Mr. Hawley’s book opens with an anecdote of a 2019 meeting with Mark Zuckerberg in which the senator says he challenged Facebook’s boss to break up his company. (Zuckerberg said no, not surprisingly.) “The tech barons have risen to power on the back of an ideology that blesses bigness — and concentrated power — in the economy and government,” Mr. Hawley writes.
And Ms. Klobuchar: “The sheer number of mergers and acquisitions, outsized monopoly power and grotesque exclusionary conduct in the Big Tech sector exemplifies what is going on with the power of BIG.”
Quite similar, no?
Mr. Hawley and Ms. Klobuchar are channeling a view among some economists and legal scholars that the accelerating concentration of many American industries is a root cause of many problems, including income inequality. In this view, if U.S. laws more effectively enforced competition, Americans would have better health care, cheaper cellphone bills and more control over what happens to our digital data.

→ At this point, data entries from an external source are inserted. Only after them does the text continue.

Theorem iteration_converges : (exists p, isNE Q f p) -> exists xs, isNE Q f xs /\ conv_to x xs.
Proof.
move=> NE_ex; apply: (quasi_fejer_limit (isNE Q f) x (fun n => 2 * eps n) (2 * s)) => //.
- by move=> n; have := eps_ge0 n; lra.
- exact: infinite_sum_scal.
- by move=> p Hp n; have [] := iterate_step _ Hp n.
- by move=> phi xb; exact: cluster_NE.
Qed.

End Iteration.

Theorem mainTheorem8
  (N : nat) (d : 'I_N -> nat)
  (Q : forall i : 'I_N, ('I_(d i) -> R) -> Prop)
  (f : 'I_N -> profile d -> R)
  (O : profile d -> Prop)
  (D1 : 'I_N -> Idx d -> profile d -> R)
  (D2 : 'I_N -> Idx d -> Idx d -> profile d -> R)
  (tau : R) (eps eta : nat -> R) (Rm RM : R)
  (x z : nat -> profile d) :
  (* Assumption 1: Q_i nonempty, closed, convex *)
  (forall i, exists u, Q i u) ->
  (forall i, closed_blk (Q i)) ->
  (forall i, convex_blk (Q i)) ->
  (* Assumption 1: f_i convex in x_i on Q *)
  (forall i (y w : profile d) t, inQ Q y -> inQ Q w -> same_off i y w -> 0 <= t <= 1 ->
     f i (fun a => t * y a + (1 - t) * w a) <= t * f i y + (1 - t) * f i w) ->
  (* Assumption 2: f_i twice continuously differentiable (on an open set O containing Q),
     D1 / D2 being its first / second partial derivatives, bounded derivatives on Q *)
  open_prof O ->
  (forall y, inQ Q y -> O y) ->
  (forall i a y, O y -> partial (f i) a y (D1 i a y)) ->
  (forall i a b y, O y -> partial (D1 i a) b y (D2 i a b y)) ->
  (forall i a, cont_on O (D1 i a)) ->
  (forall i a b, cont_on O (D2 i a b)) ->
  (exists M, forall i a b y, inQ Q y -> Rabs (D2 i a b y) <= M) ->
  (* monotone NEP: F = grad D1 monotone on Q *)
  (forall y w, inQ Q y -> inQ Q w ->
     0 <= rsum (fun a => (grad D1 y a - grad D1 w a) * (y a - w a))) ->
  (* nonempty set of NE *)
  (exists xs, isNE Q f xs) ->
  (* tau > 0 and Upsilon_{F_{tau,y}} is a P-matrix for every y *)
  0 < tau ->
  (forall (y : profile d) (JG : block_jac d),
     (forall i j w (k : 'I_(d i)) (l : 'I_(d j)), inQ Q w ->
        partial (fun v => F_tau (grad D1) tau y v (coord k)) (coord l) w (JG i j w k l)) ->
     exists U, is_Upsilon Q JG U /\ P_matrix U) ->
  (* step data *)
  (forall n, 0 <= eps n) ->
  (exists s, infinite_sum eps s) ->
  0 < Rm -> Rm <= RM -> RM < 2 ->
  (forall n, Rm <= eta n <= RM) ->
  (* the iteration *)
  inQ Q (x 0%nat) ->
  (forall n, x (S n) = (fun a => (1 - eta n) * x n a + eta n * z n a)) ->
  (forall n, exists w, isNE Q (reg_costs f tau (x n)) w /\ nrm (vsub (z n) w) <= eps n) ->
  exists xs, isNE Q f xs /\ conv_to x xs.
Proof.
move=> _ Q_closed Q_convex f_convex O_open Q_in_O f_partial _ D1_cont _ _ F_monotone NE_ex
  tau_pos _ eps_ge0 [s eps_sum] Rm_pos _ RM_lt2 eta_range _ x_step inexact.
have [w /all_and2 [w_NE z_close]] := choice _ inexact.
exact: (iteration_converges Q_closed Q_convex f_convex O_open Q_in_O f_partial D1_cont
  F_monotone tau_pos eps_ge0 eps_sum Rm_pos RM_lt2 eta_range x_step w_NE z_close NE_ex).
Qed.
Lemma generator_comb (a b : R) f Lf g Lg :
  generator P nu f Lf -> generator P nu g Lg ->
  generator P nu (fun x => a * f x + b * g x) (fun x => a * Lf x + b * Lg x).
Proof.
move=> [f2 [Lf2 dqf]] [g2 [Lg2 dqg]]; split; first exact: L2_comb.
split; first exact: L2_comb.
apply: (@squeeze_cvge _ _ _ _ (cst 0%E) _ (fun t =>
  (2 * a ^+ 2)%:E * \int[nu]_x (dquot t f Lf x ^+ 2)%:E +
  (2 * b ^+ 2)%:E * \int[nu]_x (dquot t g Lg x ^+ 2)%:E)%E); last 2 first.
- exact: cvg_cst.
- have -> : 0%E = ((2 * a ^+ 2)%:E * 0 + (2 * b ^+ 2)%:E * 0)%E.
    by rewrite !mule0 adde0.
  by apply: cvgeD => //; apply: cvgeZl.
near=> t; have t_gt0 : 0 < t by near: t; exact: nbhs_right_gt.
apply/andP; split; first by apply: integral_ge0 => x _; rewrite lee_fin sqr_ge0.
have [[mf _] [mg _]] := (f2, g2); have [[mLf _] [mLg _]] := (Lf2, Lg2).
rewrite (@ae_eq_integral _ _ _ _ _ (fun x =>
  ((a * dquot t f Lf x + b * dquot t g Lg x) ^+ 2)%:E)) //.
- by apply: integral_sqr_comb_le; exact: measurable_dquot.
- apply/measurable_EFin_sqr/measurable_dquot;
    by apply: measurable_funD; apply: measurable_funM.
- apply/measurable_EFin_sqr/measurable_funD;
    by apply: measurable_funM => //; exact: measurable_dquot.
apply: filterS (Pt_comb_ae a b (ltW t_gt0) f2 g2) => x Pt_comb _.
by rewrite /dquot Pt_comb; congr (_%:E); congr (_ ^+ 2); rewrite mulrBl; ring.
Unshelve. all: by end_near.
Qed.

End stationary_generator.

Lemma sector_bound_one (d : measure_display) (T : measurableType d)
    (R : realType) (P : R -> R.-pker T ~> T) (nu : probability T R) :
  (Sect P nu <= 1%:E)%E -> sector_bound P nu 1.
Proof.
move=> Sect_le1 f Lf g Lg gf gg; rewrite mul1r.
set X := Num.sqrt _ * _; have X_ge0 : 0 <= X by rewrite mulr_ge0 ?sqrtr_ge0.
apply/ler_addgt0Pr => e e_gt0; have X1_gt0 : 0 < X + 1 by lra.
have : (Sect P nu < (1 + e / (X + 1))%:E)%E.
  by apply: le_lt_trans Sect_le1 _; rewrite lte_fin ltrDl divr_gt0.
move=> /ereal_inf_lt[_ [C C_bound <-]]; rewrite lte_fin => C_lt.
apply: le_trans (C_bound f Lf g Lg gf gg) _; rewrite -mulrA -/X.
apply: le_trans (ler_wpM2r X_ge0 (ltW C_lt)) _.
rewrite mulrDl mul1r lerD2l -mulrA ler_piMr ?ltW // mulrC.
by rewrite ltr_pdivrMr // mul1r ltrDl.
Qed.

Theorem proposition3p1 (d : measure_display) (T : measurableType d)
  (R : realType) (P : R -> R.-pker T ~> T) (nu : probability T R) :
  markov_transition P -> stationary P nu -> ~ dform_symmetric P nu ->
  (1%:E < Sect P nu)%E.
Proof.
move=> _ P_nu not_sym; rewrite ltNge; apply/negP => /sector_bound_one sect1.
apply: not_sym => f Lf g Lg gf gg.
pose D (u : (T -> R) * (T -> R)) := generator P nu u.1 u.2.
pose comb a b (u v : (T -> R) * (T -> R)) :=
  (fun x => a * u.1 x + b * v.1 x, fun x => a * u.2 x + b * v.2 x).
pose E (u v : (T -> R) * (T -> R)) := dform nu u.2 v.1.
apply: (@sector_one_sym _ _ D comb E _ _ _ _ (f, Lf) (g, Lg) gf gg).
- by move=> a b u v Du Dv; exact: generator_comb.
- move=> a b u v w [_ [Lu2 _]] [_ [Lv2 _]] [w2 _].
  exact: dform_combl.
- move=> a b u v w [u2 _] [v2 _] [_ [Lw2 _]].
  exact: dform_combr.
- by move=> u v Du Dv; have := sect1 _ _ _ _ Du Dv; rewrite mul1r.
Qed.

Wow, they love Teddy Roosevelt. Both senators are nostalgic for when the former president challenged the big corporate barons of his day in railroads, oil, finance and other industries. (This view of history, but especially Mr. Hawley’s, is a little off base.)
The point of the hero worship is to say that U.S. law and the American public throughout history have fought back against companies they felt were getting too powerful. The senators want to bring back that spirit of both citizen and government rebellion against corporate “bigness.” This is also a point that the law professor and antimonopoly advocate Zephyr Teachout made effectively in her book on corporate monopolies last year. (Yes, there are a lot of books about antitrust.)